COVID Information and Resources - Updated 1.19.2021
Once-reluctant Mid-State student finds success outside her comfort zone
Ashley Jaramillo, Plainfield, is poised to graduate from Mid-State Technical College’s Business Management program this Sunday, but it wasn’t always a given that she would achieve the milestone.
Straight out of high school Jaramillo had started at Mid-State but found it wasn’t the right time for her. A few years later, sitting in her car before work and scrolling through Facebook, she realized her friends were getting degrees and buying houses. She thought, “I have a husband, I have a great family and I have a job…, but I felt like I hadn’t done anything else for myself.”
At Mid-State, Jaramillo would soon rewrite her expectations of college life. “I was scared since I thought it was going to be lecture halls,” she said. Once she realized that she was able to connect with instructors, she grew more comfortable and started to look at everything available to her. She decided to get involved.
“Opportunities start to come to you when you branch out and make connections with others and instructors,” said Jaramillo. “You can be that student who shows up and does homework and leaves, but it’s great to open up and talk to others. You get so much more out of your educational experience.”
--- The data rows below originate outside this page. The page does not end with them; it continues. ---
(* For $s,s'\in\mathscr S_+$: (1) $\lfloor s\rfloor\preceq s\preceq\lceil s\rceil$; (2) if $s\preceq s'$, then $\lfloor s\rfloor\preceq\lfloor s'\rfloor$, $\lceil s\rceil\preceq\lceil s'\rceil$, and $\mathfrak d(s)\le\mathfrak d(s')$.
   Context: $\omega=\{0,1,\dots\}$, $[m]=\{1,\dots,m\}$. A finite sign sequence is $s\in\{-,0,+\}^\omega$ with finitely many nonzero entries; $\mathscr S$ their set; $\operatorname{supp}(s)=\{i:s_i\ne0\}$; $\mathscr S_+=\mathscr S\cap\{0,+\}^\omega$. $\mathrm{SC}(t)$ = number of pairs $i<j$ with $\{t_i,t_j\}=\{-,+\}$ and $t_k=0$ for $i<k<j$. $\mathfrak d(s)=\max\{\mathrm{SC}(t):t\in\mathscr S,\ t_i\in\{-,0,s_i\}\ \forall i\}$ for $s\in\mathscr S_+$. $\mathscr S_+^\circ=\{s\in\mathscr S_+:\mathfrak d(s)=\#\operatorname{supp}(s)\}$. Interval decomposition of $s\in\mathscr S_+$: $\operatorname{supp}(s)=X_0\amalg\cdots\amalg X_k$ into intervals with $0\in X_0$ if $0\in\operatorname{supp}(s)$ else $X_0=\emptyset$, $X_i\neq\emptyset$ for $i\in[k]$, $\min X_i-\max X_{i-1}\ge2$ ($\max\emptyset=-\infty$). $\lfloor X_i\rfloor=\{\min X_i-1\}\amalg X_i$ if $\#X_i$ odd, else $X_i$; $\lceil X_i\rceil=X_i\amalg\{\max X_i+1\}$ if $\#X_i$ odd, else $X_i$; $\operatorname{supp}(\lfloor s\rfloor)=X_0\amalg\lfloor X_1\rfloor\amalg\cdots\amalg\lfloor X_k\rfloor$, $\operatorname{supp}(\lceil s\rceil)=X_0\amalg\lceil X_1\rceil\amalg\cdots\amalg\lceil X_k\rceil$. On $\mathscr S_+^\circ$: with $\operatorname{supp}(s)=\{d_1>\cdots>d_m\}$, $\operatorname{supp}(s')=\{d'_1>\cdots>d'_{m'}\}$, $s\preceq_0 s'$ iff $m\le m'$ and $d_i\le d'_i$ for $i\in[m]$. On $\mathscr S_+$: $s\preceq s'$ iff $s=s'$, or $s\ne s'$ and $\lceil s\rceil\preceq_0\lfloor s'\rfloor$ (a partial order); $s\prec s'$ means $s\preceq s'$ and $s\ne s'$. *)

From Stdlib Require Import ClassicalEpsilon.
From HB Require Import structures.
From mathcomp Require Import all_boot.
Set Implicit Arguments. Unset Strict Implicit. Unset Printing Implicit Defensive.

Inductive sign := Sm | Sz | Sp.

Definition sign_eqb (x y : sign) : bool :=
  match x, y with Sm, Sm | Sz, Sz | Sp, Sp => true | _, _ => false end.
Lemma sign_eqP : Equality.axiom sign_eqb.
Proof. by case; case; constructor. Qed.
HB.instance Definition _ := hasDecEq.Build sign sign_eqP.

(* A finite sign sequence is represented by a finite list; entry i is
   [sgn_at s i] (= 0 beyond the end of the list).  Every finitely supported
   element of {-,0,+}^omega is represented (non-uniquely, up to trailing 0s). *)
Definition sseq := seq sign.
Definition sgn_at (s : sseq) (i : nat) : sign := nth Sz s i.

Definition eqS (s s' : sseq) : Prop := forall i, sgn_at s i = sgn_at s' i.

Definition Splus (s : sseq) : bool := all (fun x => x != Sm) s.

Definition insupp (s : sseq) (i : nat) : bool := sgn_at s i != Sz.

Definition suppl (s : sseq) : seq nat := [seq i <- iota 0 (size s) | insupp s i].

Definition opposite (x y : sign) : bool :=
  ((x == Sm) && (y == Sp)) || ((x == Sp) && (y == Sm)).
Definition SC (t : sseq) : nat :=
  \sum_(j < size t) \sum_(i < j)
     [&& opposite (sgn_at t i) (sgn_at t j)
       & all (fun k => sgn_at t k == Sz) (iota i.+1 (j - i.+1))].

Definition admissible (s t : sseq) : Prop :=
  forall i, sgn_at t i \in [:: Sm; Sz; sgn_at s i].

Definition dd (s : sseq) : nat :=
  epsilon (inhabits 0%N)
    (fun n => (exists t, admissible s t /\ SC t = n) /\
              (forall t, admissible s t -> SC t <= n)).

(* [a, b] is one of the intervals of the interval decomposition of supp(s),
   i.e. a maximal interval of consecutive elements of supp(s). *)
Definition isblock (s : sseq) (a b : nat) : bool :=
  [&& a <= b, all (insupp s) (iota a (b - a).+1),
      (a == 0) || ~~ insupp s a.-1 & ~~ insupp s b.+1].

(* supp(floor s): add min X_i - 1 for every X_i (i >= 1, i.e. min X_i >= 1)
   of odd cardinality. *)
Definition in_floor (s : sseq) (i : nat) : bool :=
  insupp s i || has (fun b => isblock s i.+1 b && odd (b - i)) (iota 0 (size s)).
Jaramillo has loved a lot of things about being a Mid-State student, but her work as a tutor for a fellow student who is visually impaired stands out the most. “When I committed to helping her, I also dedicated myself to being successful,” she said. “It’s a team effort.” Not only were both students successful, they both grew and changed from the experience. “There’s a lot that she taught me too—it really goes both ways.”
In the end, Jaramillo achieved far more at Mid-State than she ever expected, including being inducted into the Phi Theta Kappa Honor Society. “I studied so hard for my first exam back at Mid-State, and it paid off. I got my first 100 on any exam I had ever taken in my life, and it felt so good…. I wanted to feel like that again and again.” She also had the chance to represent Mid-State as a student ambassador, sharing her positive experiences with other students, staff, prospective students, community members and business partners.
Juggling family, a job, academics and just life in general was hard, but as Jaramillo puts it, “You can’t quit because life got hard.” Her next challenge? Figuring out where her passion lies to guide her to her next career. “I am no longer afraid to take the leap and begin my own business,” she said. “Success is knowing which risks to take, and how to eliminate risks.”